Write out each line from the data below that includes the word "coevaluation".

── Input for this task

(* Let $U\colon\mathcal D\to\mathcal C$ be a strong monoidal functor between left closed monoidal categories. If $U$ is conservative and left closed, and $\mathcal C$ is left autonomous, then $\mathcal D$ is left autonomous.
   Context: Monoidal categories are strict. A monoidal category is left closed if for every object $X$ the functor $?\otimes X$ has a right adjoint $[X,?]^l$, with counit $\mathrm{ev}^X_Y\colon [X,Y]^l\otimes X\to Y$. A strong monoidal functor $U$ with structure isomorphisms $U_2(A,B)\colon UA\otimes UB\to U(A\otimes B)$, $U_0\colon\mathbb 1\to U\mathbb 1$ between left closed monoidal categories is left closed if for all $X,Y$ the morphism $U^l_{X,Y}\colon U[X,Y]^l\to[UX,UY]^l$ corresponding by adjunction to $U(\mathrm{ev}^X_Y)U_2([X,Y]^l,X)$ is an isomorphism. Left autonomous means every object $X$ has a left dual ${}^\vee X$ with $\mathrm{ev}_X\colon{}^\vee X\otimes X\to\mathbb 1$, $\mathrm{coev}_X\colon\mathbb 1\to X\otimes{}^\vee X$ satisfying the zigzag identities. Conservative means reflecting isomorphisms. *)

Set Implicit Arguments.
Unset Strict Implicit.

Record Category := {
  ob :> Type;
  hom : ob -> ob -> Type;
  idm : forall A, hom A A;
  comp : forall A B C, hom B C -> hom A B -> hom A C;
  comp_id_l : forall A B (f : hom A B), comp (idm B) f = f;
  comp_id_r : forall A B (f : hom A B), comp f (idm A) = f;
  comp_assoc : forall A B C D (h : hom C D) (g : hom B C) (f : hom A B),
      comp h (comp g f) = comp (comp h g) f
}.

Arguments hom : clear implicits.
Arguments idm {c} A.
Arguments comp {c A B C} _ _.
Notation "g \o f" := (comp g f) (at level 40, left associativity).

(** Identity morphism transported along an equality of objects
    (used to express strictness: structural isos are identities). *)
Definition castm {C : Category} {A B : ob C} (e : A = B) : hom C A B :=
  match e in _ = B' return hom C A B' with eq_refl => idm A end.

Definition is_iso {C : Category} {A B : ob C} (f : hom C A B) : Prop :=
  exists g : hom C B A, g \o f = idm A /\ f \o g = idm B.

Record StrictMonoidal := {
  mcat :> Category;
  tens : ob mcat -> ob mcat -> ob mcat;
  munit : ob mcat;
  tensm : forall A A' B B', hom mcat A A' -> hom mcat B B' ->
            hom mcat (tens A B) (tens A' B');
  tensm_id : forall A B, tensm (idm A) (idm B) = idm (tens A B);
  tensm_comp : forall A A' A'' B B' B''
      (f' : hom mcat A' A'') (f : hom mcat A A')
      (g' : hom mcat B' B'') (g : hom mcat B B'),
      tensm (f' \o f) (g' \o g) = tensm f' g' \o tensm f g;
  (* strictness: associator and unitors are identities *)
  assoc_ob : forall A B C, tens A (tens B C) = tens (tens A B) C;
  lunit_ob : forall A, tens munit A = A;
  runit_ob : forall A, tens A munit = A;
  assoc_nat : forall A A' B B' C C'
      (f : hom mcat A A') (g : hom mcat B B') (h : hom mcat C C'),
      castm (assoc_ob A' B' C') \o tensm f (tensm g h)
      = tensm (tensm f g) h \o castm (assoc_ob A B C);
  lunit_nat : forall A A' (f : hom mcat A A'),
      castm (lunit_ob A') \o tensm (idm munit) f = f \o castm (lunit_ob A);
  runit_nat : forall A A' (f : hom mcat A A'),
      castm (runit_ob A') \o tensm f (idm munit) = f \o castm (runit_ob A)
}.

Arguments tens {s} _ _.
Arguments munit {s}.
Arguments tensm {s A A' B B'} _ _.
Arguments assoc_ob {s} A B C.
Arguments lunit_ob {s} A.
Arguments runit_ob {s} A.

(** * Left closed structure: for every X, (? ⊗ X) has a right adjoint
    [X,?]^l with counit ev^X_Y : [X,Y]^l ⊗ X -> Y, expressed by the
    universal property of the counit. *)
Record LeftClosed (M : StrictMonoidal) := {
  lihom : ob M -> ob M -> ob M;
  lev : forall X Y, hom M (tens (lihom X Y) X) Y;
  lcurry : forall X Y Z, hom M (tens Z X) Y -> hom M Z (lihom X Y);
  lcurry_spec : forall X Y Z (f : hom M (tens Z X) Y),
      lev X Y \o tensm (lcurry f) (idm X) = f;
  lcurry_uniq : forall X Y Z (f : hom M (tens Z X) Y) (g : hom M Z (lihom X Y)),
      lev X Y \o tensm g (idm X) = f -> g = lcurry f
}.

Arguments lihom {M} l X Y.
Arguments lev {M} l X Y.
Arguments lcurry {M} l {X Y Z} _.

(** * Left duals and left autonomy (zigzag identities with the strict
    structural identifications made explicit by castm). *)
Definition is_left_dual (M : StrictMonoidal) (X Xv : ob M)
    (e : hom M (tens Xv X) munit) (c : hom M munit (tens X Xv)) : Prop :=
  castm (runit_ob X) \o tensm (idm X) e \o castm (eq_sym (assoc_ob X Xv X))
    \o tensm c (idm X) \o castm (eq_sym (lunit_ob X)) = idm X
  /\
  castm (lunit_ob Xv) \o tensm e (idm Xv) \o castm (assoc_ob Xv X Xv)
    \o tensm (idm Xv) c \o castm (eq_sym (runit_ob Xv)) = idm Xv.

Definition left_autonomous (M : StrictMonoidal) : Prop :=
  forall X : ob M, exists (Xv : ob M) (e : hom M (tens Xv X) munit)
    (c : hom M munit (tens X Xv)), is_left_dual e c.

Record StrongMonoidalFunctor (D C : StrictMonoidal) := {
  fob :> ob D -> ob C;
  fmap : forall A B, hom D A B -> hom C (fob A) (fob B);
  fmap_id : forall A, fmap (idm A) = idm (fob A);
  fmap_comp : forall A B E (g : hom D B E) (f : hom D A B),
      fmap (g \o f) = fmap g \o fmap f;
  U2 : forall A B, hom C (tens (fob A) (fob B)) (fob (tens A B));
  U0 : hom C munit (fob munit);
  U2_iso : forall A B, is_iso (U2 A B);
  U0_iso : is_iso U0;
  U2_nat : forall A A' B B' (f : hom D A A') (g : hom D B B'),
      fmap (tensm f g) \o U2 A B = U2 A' B' \o tensm (fmap f) (fmap g);
  U2_assoc : forall A B E,
      U2 (tens A B) E \o tensm (U2 A B) (idm (fob E))
        \o castm (assoc_ob (fob A) (fob B) (fob E))
      = fmap (castm (assoc_ob A B E)) \o U2 A (tens B E)
        \o tensm (idm (fob A)) (U2 B E);
  U2_lunit : forall A,
      U2 munit A \o tensm U0 (idm (fob A))
      = fmap (castm (eq_sym (lunit_ob A))) \o castm (lunit_ob (fob A));
  U2_runit : forall A,
      U2 A munit \o tensm (idm (fob A)) U0
      = fmap (castm (eq_sym (runit_ob A))) \o castm (runit_ob (fob A))
}.

Arguments fmap {D C} s {A B} _.
Arguments U2 {D C} s A B.
Arguments U0 {D C} s.

Definition conservative (D C : StrictMonoidal) (U : StrongMonoidalFunctor D C) :=
  forall A B (f : hom D A B), is_iso (fmap U f) -> is_iso f.

Definition Ul (D C : StrictMonoidal) (LD : LeftClosed D) (LC : LeftClosed C)
    (U : StrongMonoidalFunctor D C) (X Y : ob D)
    : hom C (U (lihom LD X Y)) (lihom LC (U X) (U Y)) :=
  lcurry LC (fmap U (lev LD X Y) \o U2 U (lihom LD X Y) X).

Definition left_closed_functor (D C : StrictMonoidal) (LD : LeftClosed D)
    (LC : LeftClosed C) (U : StrongMonoidalFunctor D C) : Prop :=
  forall X Y : ob D, is_iso (Ul LD LC U X Y).

(* Take V := [X,1]^l with ev : V ⊗ X -> 1 and the transpose
   theta : X ⊗ V -> [X,X]^l of X ⊗ V ⊗ X -> X ⊗ 1 = X.  Whenever (V, ev) admits
   a coevaluation, theta is invertible; conversely, if theta is invertible then
   theta^-1 applied to the name 1 -> [X,X]^l of the identity is a coevaluation.
   In C, U X has a dual, and since U is left closed U V with the transported
   evaluation is again a universal evaluation, hence itself a dual of U X; so the
   theta of C is invertible.  Up to the isomorphisms U^l and U2 this theta is
   U(theta), and conservativity makes the theta of D invertible.  Only the first
   zigzag identity needs checking each time: tensoring the second one with X and
   applying ev reduces it to the first, and ev is universal. *)
From Stdlib Require Import ProofIrrelevance.
From Corelib Require Import ssreflect.
Set Implicit Arguments.
Unset Strict Implicit.

Section CategoryFacts.

Variable C : Category.

Lemma castm_irrelevant {A B : ob C} (e1 e2 : A = B) : castm e1 = castm e2.
Proof. by rewrite (proof_irrelevance _ e1 e2). Qed.

Lemma castm_id {A : ob C} (e : A = A) : castm e = idm A.
Proof. exact: castm_irrelevant e eq_refl. Qed.

Lemma comp_castm {A B E : ob C} (e1 : A = B) (e2 : B = E) :
  castm e2 \o castm e1 = castm (eq_trans e1 e2).
Proof. by destruct e2; apply: comp_id_l. Qed.

Lemma comp_castm_k {A B E Z : ob C} (e1 : A = B) (e2 : B = E) (k : hom C Z A) :
  castm e2 \o (castm e1 \o k) = castm (eq_trans e1 e2) \o k.
Proof. by rewrite comp_assoc comp_castm. Qed.

Lemma castm_sym_square {A B A' B' : ob C} (e : A' = B') (e' : A = B)
    (x : hom C A A') (y : hom C B B') :
  castm e \o x = y \o castm e' -> castm (eq_sym e) \o y = x \o castm (eq_sym e').
Proof. by destruct e, e'; rewrite /= !comp_id_l !comp_id_r => ->. Qed.

Lemma comp_congr2 {A B B' E : ob C} {g : hom C B E} {f : hom C A B}
    {g' : hom C B' E} {f' : hom C A B'} :
  g \o f = g' \o f' -> forall Z (k : hom C Z A), g \o (f \o k) = g' \o (f' \o k).
Proof. by move=> H Z k; rewrite !comp_assoc H. Qed.

Lemma comp_congr1 {A B E : ob C} {g : hom C B E} {f : hom C A B} {h : hom C A E} :
  g \o f = h -> forall Z (k : hom C Z A), g \o (f \o k) = h \o k.
Proof. by move=> H Z k; rewrite comp_assoc H. Qed.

────

◆ Expected answer ◆
   a coevaluation, theta is invertible; conversely, if theta is invertible then
   theta^-1 applied to the name 1 -> [X,X]^l of the identity is a coevaluation.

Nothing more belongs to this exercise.